Dataset entries:

++++++++++++++++++++

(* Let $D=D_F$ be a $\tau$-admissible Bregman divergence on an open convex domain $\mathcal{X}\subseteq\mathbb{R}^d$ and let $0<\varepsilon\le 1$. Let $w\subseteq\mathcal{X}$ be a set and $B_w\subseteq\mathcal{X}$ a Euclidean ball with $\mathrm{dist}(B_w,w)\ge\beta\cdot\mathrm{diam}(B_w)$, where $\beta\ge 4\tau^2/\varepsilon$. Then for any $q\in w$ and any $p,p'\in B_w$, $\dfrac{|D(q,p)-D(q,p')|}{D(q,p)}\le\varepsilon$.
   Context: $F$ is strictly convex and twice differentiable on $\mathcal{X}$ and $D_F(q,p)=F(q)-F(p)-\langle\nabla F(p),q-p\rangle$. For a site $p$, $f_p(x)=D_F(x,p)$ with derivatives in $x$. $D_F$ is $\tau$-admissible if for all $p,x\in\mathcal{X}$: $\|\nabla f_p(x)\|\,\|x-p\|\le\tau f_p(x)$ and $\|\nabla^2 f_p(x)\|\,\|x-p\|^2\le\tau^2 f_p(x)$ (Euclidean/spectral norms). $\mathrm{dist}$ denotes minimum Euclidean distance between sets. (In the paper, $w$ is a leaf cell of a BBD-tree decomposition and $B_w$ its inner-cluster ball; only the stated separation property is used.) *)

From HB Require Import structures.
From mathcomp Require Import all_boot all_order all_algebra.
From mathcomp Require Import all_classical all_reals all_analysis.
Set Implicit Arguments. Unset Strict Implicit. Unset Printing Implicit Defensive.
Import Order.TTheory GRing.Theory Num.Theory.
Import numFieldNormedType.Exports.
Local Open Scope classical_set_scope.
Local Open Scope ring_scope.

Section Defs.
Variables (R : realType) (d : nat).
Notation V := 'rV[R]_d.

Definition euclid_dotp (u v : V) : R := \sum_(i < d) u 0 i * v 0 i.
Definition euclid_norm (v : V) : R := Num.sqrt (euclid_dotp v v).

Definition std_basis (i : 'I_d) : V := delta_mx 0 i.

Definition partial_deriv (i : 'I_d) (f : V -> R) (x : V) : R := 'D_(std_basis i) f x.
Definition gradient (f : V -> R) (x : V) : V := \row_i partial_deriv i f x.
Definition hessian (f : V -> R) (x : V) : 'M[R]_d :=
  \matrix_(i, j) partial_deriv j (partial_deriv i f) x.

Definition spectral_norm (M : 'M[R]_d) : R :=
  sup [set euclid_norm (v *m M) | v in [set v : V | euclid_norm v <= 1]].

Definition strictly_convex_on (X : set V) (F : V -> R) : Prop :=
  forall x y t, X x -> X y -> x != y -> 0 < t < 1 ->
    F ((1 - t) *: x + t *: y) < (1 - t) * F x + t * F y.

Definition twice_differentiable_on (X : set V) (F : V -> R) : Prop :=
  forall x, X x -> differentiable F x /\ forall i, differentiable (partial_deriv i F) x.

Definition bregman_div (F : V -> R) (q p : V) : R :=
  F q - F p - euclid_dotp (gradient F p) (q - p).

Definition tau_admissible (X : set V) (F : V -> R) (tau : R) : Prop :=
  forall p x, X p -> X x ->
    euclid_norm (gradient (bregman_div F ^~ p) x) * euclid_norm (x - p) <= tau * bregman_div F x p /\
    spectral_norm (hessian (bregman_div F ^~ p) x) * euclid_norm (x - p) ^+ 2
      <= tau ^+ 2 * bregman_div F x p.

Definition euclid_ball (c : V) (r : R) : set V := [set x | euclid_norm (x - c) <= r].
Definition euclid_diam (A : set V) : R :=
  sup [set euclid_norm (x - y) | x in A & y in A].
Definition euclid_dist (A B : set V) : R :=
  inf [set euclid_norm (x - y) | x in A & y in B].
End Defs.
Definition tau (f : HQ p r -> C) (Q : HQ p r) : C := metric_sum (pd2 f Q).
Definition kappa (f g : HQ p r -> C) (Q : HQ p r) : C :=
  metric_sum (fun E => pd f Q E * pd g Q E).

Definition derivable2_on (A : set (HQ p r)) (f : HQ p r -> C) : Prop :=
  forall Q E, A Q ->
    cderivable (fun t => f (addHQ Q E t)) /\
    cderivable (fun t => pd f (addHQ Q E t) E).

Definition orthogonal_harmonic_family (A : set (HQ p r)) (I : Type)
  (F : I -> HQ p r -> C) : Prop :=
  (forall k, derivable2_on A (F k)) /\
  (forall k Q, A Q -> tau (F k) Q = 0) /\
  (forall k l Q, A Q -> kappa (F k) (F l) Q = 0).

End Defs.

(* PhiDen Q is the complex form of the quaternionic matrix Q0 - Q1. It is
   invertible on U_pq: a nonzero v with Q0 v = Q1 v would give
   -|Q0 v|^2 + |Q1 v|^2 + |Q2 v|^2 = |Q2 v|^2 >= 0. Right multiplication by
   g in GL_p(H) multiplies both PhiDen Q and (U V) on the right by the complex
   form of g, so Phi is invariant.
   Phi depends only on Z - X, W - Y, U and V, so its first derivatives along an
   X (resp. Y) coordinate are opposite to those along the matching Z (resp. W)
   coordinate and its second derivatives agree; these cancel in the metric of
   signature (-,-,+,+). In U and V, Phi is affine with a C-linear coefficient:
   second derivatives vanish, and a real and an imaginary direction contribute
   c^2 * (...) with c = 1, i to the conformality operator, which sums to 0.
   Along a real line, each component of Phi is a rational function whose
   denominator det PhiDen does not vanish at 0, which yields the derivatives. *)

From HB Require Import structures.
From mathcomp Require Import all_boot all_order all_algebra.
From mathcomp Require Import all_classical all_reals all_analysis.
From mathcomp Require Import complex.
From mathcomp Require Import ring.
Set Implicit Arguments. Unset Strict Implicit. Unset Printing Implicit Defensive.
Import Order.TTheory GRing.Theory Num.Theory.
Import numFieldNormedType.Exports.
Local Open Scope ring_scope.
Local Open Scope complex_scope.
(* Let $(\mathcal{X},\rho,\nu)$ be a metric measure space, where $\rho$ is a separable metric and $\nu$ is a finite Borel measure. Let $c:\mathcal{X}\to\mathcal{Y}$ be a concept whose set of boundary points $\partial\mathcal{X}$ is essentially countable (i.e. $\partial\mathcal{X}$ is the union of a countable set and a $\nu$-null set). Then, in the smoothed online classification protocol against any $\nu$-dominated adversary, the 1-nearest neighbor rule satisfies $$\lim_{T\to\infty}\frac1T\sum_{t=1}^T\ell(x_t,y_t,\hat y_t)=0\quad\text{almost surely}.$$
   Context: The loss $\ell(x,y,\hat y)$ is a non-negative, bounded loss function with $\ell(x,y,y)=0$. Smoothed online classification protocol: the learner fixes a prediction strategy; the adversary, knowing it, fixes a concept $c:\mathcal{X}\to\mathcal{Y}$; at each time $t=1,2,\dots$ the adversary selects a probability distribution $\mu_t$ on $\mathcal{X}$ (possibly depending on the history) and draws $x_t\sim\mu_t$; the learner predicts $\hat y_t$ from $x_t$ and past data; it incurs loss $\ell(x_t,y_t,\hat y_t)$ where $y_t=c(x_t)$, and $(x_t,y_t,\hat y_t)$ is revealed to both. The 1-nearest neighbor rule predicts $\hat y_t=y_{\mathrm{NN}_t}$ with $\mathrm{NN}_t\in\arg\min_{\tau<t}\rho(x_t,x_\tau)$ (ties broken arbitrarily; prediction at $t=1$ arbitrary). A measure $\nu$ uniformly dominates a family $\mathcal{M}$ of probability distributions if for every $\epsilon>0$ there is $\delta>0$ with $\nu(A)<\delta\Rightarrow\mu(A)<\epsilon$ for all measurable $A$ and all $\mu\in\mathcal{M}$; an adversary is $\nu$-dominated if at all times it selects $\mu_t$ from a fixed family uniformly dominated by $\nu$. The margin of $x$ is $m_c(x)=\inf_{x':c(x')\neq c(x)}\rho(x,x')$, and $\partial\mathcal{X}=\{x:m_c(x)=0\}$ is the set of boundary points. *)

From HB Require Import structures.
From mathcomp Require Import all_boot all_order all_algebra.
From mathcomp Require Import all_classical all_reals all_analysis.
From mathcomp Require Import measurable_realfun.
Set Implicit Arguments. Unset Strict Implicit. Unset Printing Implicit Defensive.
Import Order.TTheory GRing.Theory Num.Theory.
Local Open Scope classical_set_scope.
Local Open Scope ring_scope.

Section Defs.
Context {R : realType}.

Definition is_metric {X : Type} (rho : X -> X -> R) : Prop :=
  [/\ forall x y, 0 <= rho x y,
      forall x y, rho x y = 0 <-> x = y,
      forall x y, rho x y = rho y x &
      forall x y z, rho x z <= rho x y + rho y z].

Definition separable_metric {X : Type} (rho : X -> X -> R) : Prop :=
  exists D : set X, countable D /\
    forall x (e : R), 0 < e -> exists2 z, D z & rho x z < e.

++++++++++++++++++++

§ TASK TO COMPLETE:
Given the records above, return exactly the lines starting at the line containing "form of g, so Phi is invariant." and ending at the line containing "be a metric", including both.

§ TASK SOLUTION:
   form of g, so Phi is invariant.
   Phi depends only on Z - X, W - Y, U and V, so its first derivatives along an
   X (resp. Y) coordinate are opposite to those along the matching Z (resp. W)
   coordinate and its second derivatives agree; these cancel in the metric of
   signature (-,-,+,+). In U and V, Phi is affine with a C-linear coefficient:
   second derivatives vanish, and a real and an imaginary direction contribute
   c^2 * (...) with c = 1, i to the conformality operator, which sums to 0.
   Along a real line, each component of Phi is a rational function whose
   denominator det PhiDen does not vanish at 0, which yields the derivatives. *)

From HB Require Import structures.
From mathcomp Require Import all_boot all_order all_algebra.
From mathcomp Require Import all_classical all_reals all_analysis.
From mathcomp Require Import complex.
From mathcomp Require Import ring.
Set Implicit Arguments. Unset Strict Implicit. Unset Printing Implicit Defensive.
Import Order.TTheory GRing.Theory Num.Theory.
Import numFieldNormedType.Exports.
Local Open Scope ring_scope.
Local Open Scope complex_scope.
(* Let $(\mathcal{X},\rho,\nu)$ be a metric measure space, where $\rho$ is a separable metric and $\nu$ is a finite Borel measure. Let $c:\mathcal{X}\to\mathcal{Y}$ be a concept whose set of boundary points $\partial\mathcal{X}$ is essentially countable (i.e. $\partial\mathcal{X}$ is the union of a countable set and a $\nu$-null set). Then, in the smoothed online classification protocol against any $\nu$-dominated adversary, the 1-nearest neighbor rule satisfies $$\lim_{T\to\infty}\frac1T\sum_{t=1}^T\ell(x_t,y_t,\hat y_t)=0\quad\text{almost surely}.$$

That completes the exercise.